Lemma Qfun_le_below (x : R) : 0 <= x -> x < e0 - Delta / 2 ->
  Qfun L a b x <= 2 / Num.sqrt L%:R.
Proof.
move=> x_ge0 x_lt.
have c_gt : s / 2 < a%:~R - L%:R * x.
  by move: x_lt; rewrite aE_shift -(ltr_pM2l L_pos); lra.
rewrite /Qfun.
apply: (sum_sincL_sqr_le_tail x (fun k => (a + k%:Z)%:~R) _ _ c_gt).
move=> k; rewrite ltnS -(ler_nat R) window_card intrD -pmulrn => k_le.
have := s_ge2; have := ler0n R k; split.
  by rewrite -normrN ger0_norm; [ring | lra].
have := mulr_ge0 (ltW L_pos) x_ge0.
have := window_le; rewrite -(ler_pM2l L_pos).
by move: k_le; rewrite bE_shift; lra.
Qed.

Lemma Qfun_le_above (x : R) : x <= 2^-1 -> e0 + Delta / 2 < x ->
  Qfun L a b x <= 2 / Num.sqrt L%:R.
Proof.
move=> x_le x_gt; rewrite /Qfun (reindex_inj rev_ord_inj) /=.
have c_gt : s / 2 < L%:R * x - b%:~R.
  by move: x_gt; rewrite bE_shift -(ltr_pM2l L_pos); lra.
apply: (sum_sincL_sqr_le_tail x
  (fun k => (a + ((absz (b - a)).+1 - k.+1)%N%:Z)%:~R) _ _ c_gt).
move=> k k_lt; have k_le : (k <= absz (b - a))%N by rewrite -ltnS.
rewrite subSS intrD -pmulrn natrB // window_card.
have := s_ge2; have := ler0n R k; split.
  by rewrite ger0_norm; [ring | lra].
have := mulr_ge0 (ltW L_pos) window_ge0.
have := x_le; rewrite -(ler_pM2l L_pos).
by move: k_le; rewrite -(ler_nat R) window_card aE_shift; lra.
Qed.

Lemma Qfun_le_outside (x : R) : 0 <= x <= 2^-1 ->
  ~~ (e0 - Delta / 2 <= x <= e0 + Delta / 2) ->
  Qfun L a b x <= 2 / Num.sqrt L%:R.
Proof.
move=> /andP[x_ge0 x_le]; rewrite negb_and -!ltNge.
by case/orP; [apply: Qfun_le_below | apply: Qfun_le_above].
Qed.

End Window.

Section OperatorNorm.
Context {R : realType} {n : nat}.
Local Notation C := R[i].
Local Open Scope sesquilinear_scope.
Implicit Types (v : 'cV[C]_n) (U A : 'M[C]_n).

Definition vnorm2 v : R := \sum_(i < n) Normc.normc (v i 0) ^+ 2.

Lemma vnorm2C v : (vnorm2 v)%:C%C = (v^t* *m v) 0 0.
Proof.
rewrite rmorph_sum mxE; apply: eq_bigr => i _; rewrite rmorphXn /= !mxE mulrC.
have -> : (Normc.normc (v i 0))%:C%C = `|v i 0|.
  by case: (v i 0) => x y; rewrite normc_def.
by rewrite normCK.
Qed.

Lemma vnorm2_unitary U v : U \is unitarymx -> vnorm2 (U *m v) = vnorm2 v.
Proof.
move=> U_unitary; have UtU : U^t* *m U = 1%:M by rewrite -[U^t*]mul1mx mulmxKtV.
apply: complexI; rewrite !vnorm2C trmx_mul map_mxM mulmxA.
by rewrite -[_ *m U^t* *m U]mulmxA UtU mulmx1.
Qed.

Lemma vnorm_unitary U v : U \is unitarymx -> vnorm (U *m v) = vnorm v.
Proof. by move=> U_unitary; apply: (congr1 Num.sqrt); apply: vnorm2_unitary. Qed.

Lemma vnorm_diag_le (d : 'rV[C]_n) (c : R) v : 0 <= c ->
  (forall j, Normc.normc (d 0 j) <= c) -> vnorm (diag_mx d *m v) <= c * vnorm v.
Proof.
move=> c_ge0 d_le.
have : vnorm2 (diag_mx d *m v) <= c ^+ 2 * vnorm2 v.
  rewrite /vnorm2 mulr_sumr; apply: ler_sum => i _.
  rewrite mul_diag_mx mxE Normc.normcM exprMn ler_wpM2r ?sqr_ge0 //.
  have normc_ge0 : 0 <= Normc.normc (d 0 i).
    by case: (d 0 i) => x y; apply: sqrtr_ge0.
  by rewrite lerXn2r ?nnegrE ?d_le.
move/ler_wsqrtr; rewrite sqrtrM ?sqr_ge0 // sqrtr_sqr ger0_norm //.
Qed.

Lemma opnorm_le A (c : R) :
  (forall v, vnorm v <= 1 -> vnorm (A *m v) <= c) -> opnorm A <= c.
Proof.
move=> A_le; apply: ge_sup; last by move=> _ [v v_le <-]; apply: A_le.
exists (vnorm (A *m 0)), 0 => //.
by rewrite /= /vnorm big1 ?sqrtr0 // => i _; rewrite mxE Normc.normc0 expr0n.
Qed.

End OperatorNorm.

Section FunctionalCalculus.
Context {R : realType} {n : nat}.
Local Notation C := R[i].
Local Open Scope sesquilinear_scope.
Implicit Types (H : 'M[C]_n) (f g : R -> R).

Lemma fcalcM f g H : fcalc f H *m fcalc g H = fcalc (fun x => f x * g x) H.
Proof.
rewrite /fcalc; have := spectral_unit H.
move: (spectralmx H) (spectral_diag H) => U d U_unit.
rewrite !mulmxA (mulmxK U_unit) -[_ *m diag_mx _ *m diag_mx _]mulmxA.
apply: (congr1 (fun D => invmx U *m D *m U)); apply/matrixP => i j.
by rewrite mul_diag_mx !mxE; case: eqP => _; rewrite ?mulr0 ?rmorphM.
Qed.

Lemma fcalcB f g H : fcalc f H - fcalc g H = fcalc (fun x => f x - g x) H.
Proof.
rewrite /fcalc; move: (spectralmx H) (spectral_diag H) => U d.
rewrite -mulmxBl -mulmxBr.
apply: (congr1 (fun D => invmx U *m D *m U)); apply/matrixP => i j.
by rewrite !mxE; case: eqP => _; rewrite ?subr0 ?rmorphB.
Qed.

Lemma eigenvalue_spectral_diag H j : H \is normalmx ->
  eigenvalue H (spectral_diag H 0 j).
Proof.
move=> /orthomx_spectralP H_eq; have U_unit := spectral_unit H.
apply/eigenvalueP; exists (row j (spectralmx H)).
  rewrite [X in _ *m X]H_eq -row_mul !mulmxA mulmxV // mul1mx.
  by apply/rowP => k; rewrite mul_diag_mx !mxE.
apply/eqP => /(congr1 (mulmx^~ (invmx (spectralmx H)))).
rewrite -row_mul mulmxV // mul0mx => /rowP /(_ j).
by rewrite !mxE eqxx => /eqP; rewrite oner_eq0.
Qed.

Lemma opnorm_fcalc_le f H (c : R) : H \is normalmx -> 0 <= c ->
  (forall z, eigenvalue H z -> `|f (complex.Re z)| <= c) ->
  opnorm (fcalc f H) <= c.
Proof.
move=> H_normal c_ge0 f_le; apply: opnorm_le => v v_le.
have U_unitary := spectral_unitarymx H.
rewrite /fcalc invmx_unitary // -!mulmxA vnorm_unitary ?trmxC_unitary //.
apply: le_trans (vnorm_diag_le _ _ _ c_ge0 _) _.
  move=> j; rewrite mxE /= expr0n addr0 sqrtr_sqr.
  exact/f_le/eigenvalue_spectral_diag.
by rewrite vnorm_unitary // -[leRHS]mulr1 ler_wpM2l.
Qed.

End FunctionalCalculus.

Theorem mainTheorem6 (R : realType) (n : nat) (H : 'M[R[i]]_n)
  (L : nat) (e0 Delta : R) (a b : int) :
  H \is hermsymmx ->
  (forall z : R[i], eigenvalue H z -> (0 <= z <= (2 : R[i])^-1)) ->
  (4 <= L)%N ->
  1 / Num.sqrt (L%:R) < Delta ->
  let omega := Delta - 1 / Num.sqrt (L%:R) in
  omega < 1 ->
  0 <= e0 - Delta / 2 -> e0 + Delta / 2 <= 2^-1 ->
  (e0 - omega / 2) * L%:R = a%:~R ->
  (e0 + omega / 2) * L%:R = b%:~R ->
  opnorm (fcalc (Qfun L a b) H - specproj e0 Delta H *m fcalc (Qfun L a b) H)
    <= 2 / Num.sqrt (L%:R).
Proof.
move=> H_herm H_spec L_ge4 Delta_gt omega _ window_ge0 window_le aE bE.
have bound_ge0 : 0 <= 2 / Num.sqrt L%:R :> R by rewrite divr_ge0 ?sqrtr_ge0.
rewrite /specproj fcalcM fcalcB.
apply: opnorm_fcalc_le => [||z /H_spec /=].
- exact: hermitian_normalmx.
- exact: bound_ge0.
- have -> : (2 : R[i])^-1 = (2^-1)%:C%C by rewrite fmorphV /= rmorph_nat.
  rewrite !lecE /= => /andP[/andP[_ z_ge0] /andP[_ z_le]].
  case: ifP => z_in; first by rewrite mul1r subrr normr0.
  rewrite mul0r subr0 ger0_norm ?Qfun_ge0 //.
  by apply: (Qfun_le_outside L_ge4 Delta_gt window_ge0 window_le aE bE);
    rewrite ?z_ge0 ?z_in.
Qed.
************
## Required work
Once you find the string "FunctionalCalculus" in a line of the records, copy that line.

## Answer section
Section FunctionalCalculus.
End FunctionalCalculus.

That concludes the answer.